Das US-Militär, das nach jahrzehntelangem Krieg bereits damit kämpft, seine Rekrutierungsziele zu erreichen, enthüllte die düsteren Daten nur wenige Monate nach der Ankündigung neuer Reformen, von denen Kritiker sagten, sie seien zu langsam und zu begrenzt, um die Krise zu lösen.

Die Berichte über sexuelle Übergriffe sind im Jahr 2021 im Vergleich zum Vorjahr um etwa 13% gestiegen.

Es wird geschätzt, dass 8,4 % der Frauen im aktiven Dienst im Fiskaljahr 2021 in irgendeiner Form unerwünschten sexuellen Kontakts ausgesetzt waren, während sich die Zahl bei den Männern auf 1,5 % ungefähr verdoppelt hat, wie aus einem am Donnerstag veröffentlichten Pentagon-Bericht hervorgeht.

In dem Bericht heißt es zwar, dass die Ergebnisse aufgrund einer von der Regierung veranlassten Änderung der Messmethoden nicht wissenschaftlich mit den Vorjahren verglichen werden können, aber ein hochrangiger Pentagon-Beamter sagte, dies sei die höchste Rate für Frauen seit 2006 und die zweithöchste für Männer.

"Diese Zahlen sind tragisch und extrem enttäuschend. Auf individueller Ebene ist es verheerend, sich vorzustellen, dass diese Zahlen bedeuten, dass das Leben und die Karriere von mehr als 35.000 Militärangehörigen durch diese Verbrechen unwiderruflich verändert wurden", sagte Elizabeth Foster, Executive Director des Office of Force Resiliency des Pentagon, gegenüber Reportern.

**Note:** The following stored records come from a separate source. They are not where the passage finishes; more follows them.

Theorem lemma6p6 (R : realType) (S : set nat) (n : nat) (L : set (Gcar R n)) :
  (forall p, S p -> prime p) -> (0 < n)%N -> is_lattice S L ->
  (forall l m, L l -> L m -> l.1 = m.1 -> l = m) /\
  QSn_dense S [set w | exists l, L l /\ l.2 = w].
Proof.
move=> S_prime _ [L_subgroup L_discrete L_cocompact]; split.
  exact: (lattice_proj_real_inj S_prime L_subgroup L_discrete).
move=> V V_open [w [w_elt Vw]].
have [K [K_fin nbhdV]] := V_open w w_elt Vw.
have [l Ll lw] := lattice_res_dense S_prime L_subgroup K_fin L_cocompact w_elt.
exists l.2; split; first by exists l.
by apply: nbhdV => //; case: L_subgroup => /(_ l Ll).
Qed.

"Jeder Vorfall hat einen Welleneffekt in der gesamten Einheit und beeinträchtigt den Zusammenhalt der Einheit, die Fähigkeit zu vertrauen und lenkt von der kritischen Mission ab", fügte Foster hinzu.

Das Marine Corps hatte im Jahr 2021 eine Prävalenzrate von 13,4% sexueller Übergriffe unter Frauen, was einem Anstieg von etwa 10,7% entspricht.

Die US-Abgeordnete Jackie Speier, die auch Ko-Vorsitzende des Democratic Women's Caucus ist, sagte, die Ergebnisse seien beunruhigend und sie werde in den kommenden Wochen eine Anhörung veranstalten, um mehr Antworten zu erhalten.

"Das wachsame Auge des Kongresses ist notwendig, um sicherzustellen, dass die militärische Führung zur Rechenschaft gezogen wird und alle zusätzlichen Änderungen vorgenommen werden, die für notwendig erachtet werden, um diese nationale Peinlichkeit und Krise anzugehen", sagte Speier in einer Erklärung.

In diesem Jahr unterzeichnete Präsident Joe Biden einen Erlass, der sexuelle Belästigung zu einem Straftatbestand im Rahmen des Uniform Code of Military Justice macht.

Im Dezember verabschiedete der Gesetzgeber den National Defense Authorization Act, der eine Überarbeitung des Militärjustizsystems vorsieht. Die Entscheidung darüber, ob Fälle von Vergewaltigung und sexueller Nötigung strafrechtlich verfolgt werden, würde den Militärkommandeuren abgenommen.

Dennoch sagten einige Gesetzgeber und Aktivisten, dass dies nicht weit genug gehe, insbesondere angesichts des mangelnden Vertrauens der Opfer von sexuellen Übergriffen in das Militärjustizsystem.

Nur 39% der Frauen im Militär gaben an, dass sie dem System vertrauen, dass es sie nach einem Vorfall mit Würde und Respekt behandelt, verglichen mit 66% im Jahr 2018. Nur 34% von ihnen vertrauten darauf, dass das Militär ihre Privatsphäre schützt, nachdem sie einen Vorfall gemeldet hatten, gegenüber 63% im Jahr 2018.

Sechs von 10 Frauen vertrauten nicht darauf, dass das Militär ihre Sicherheit nach einem Vorfall gewährleisten würde, so die Daten.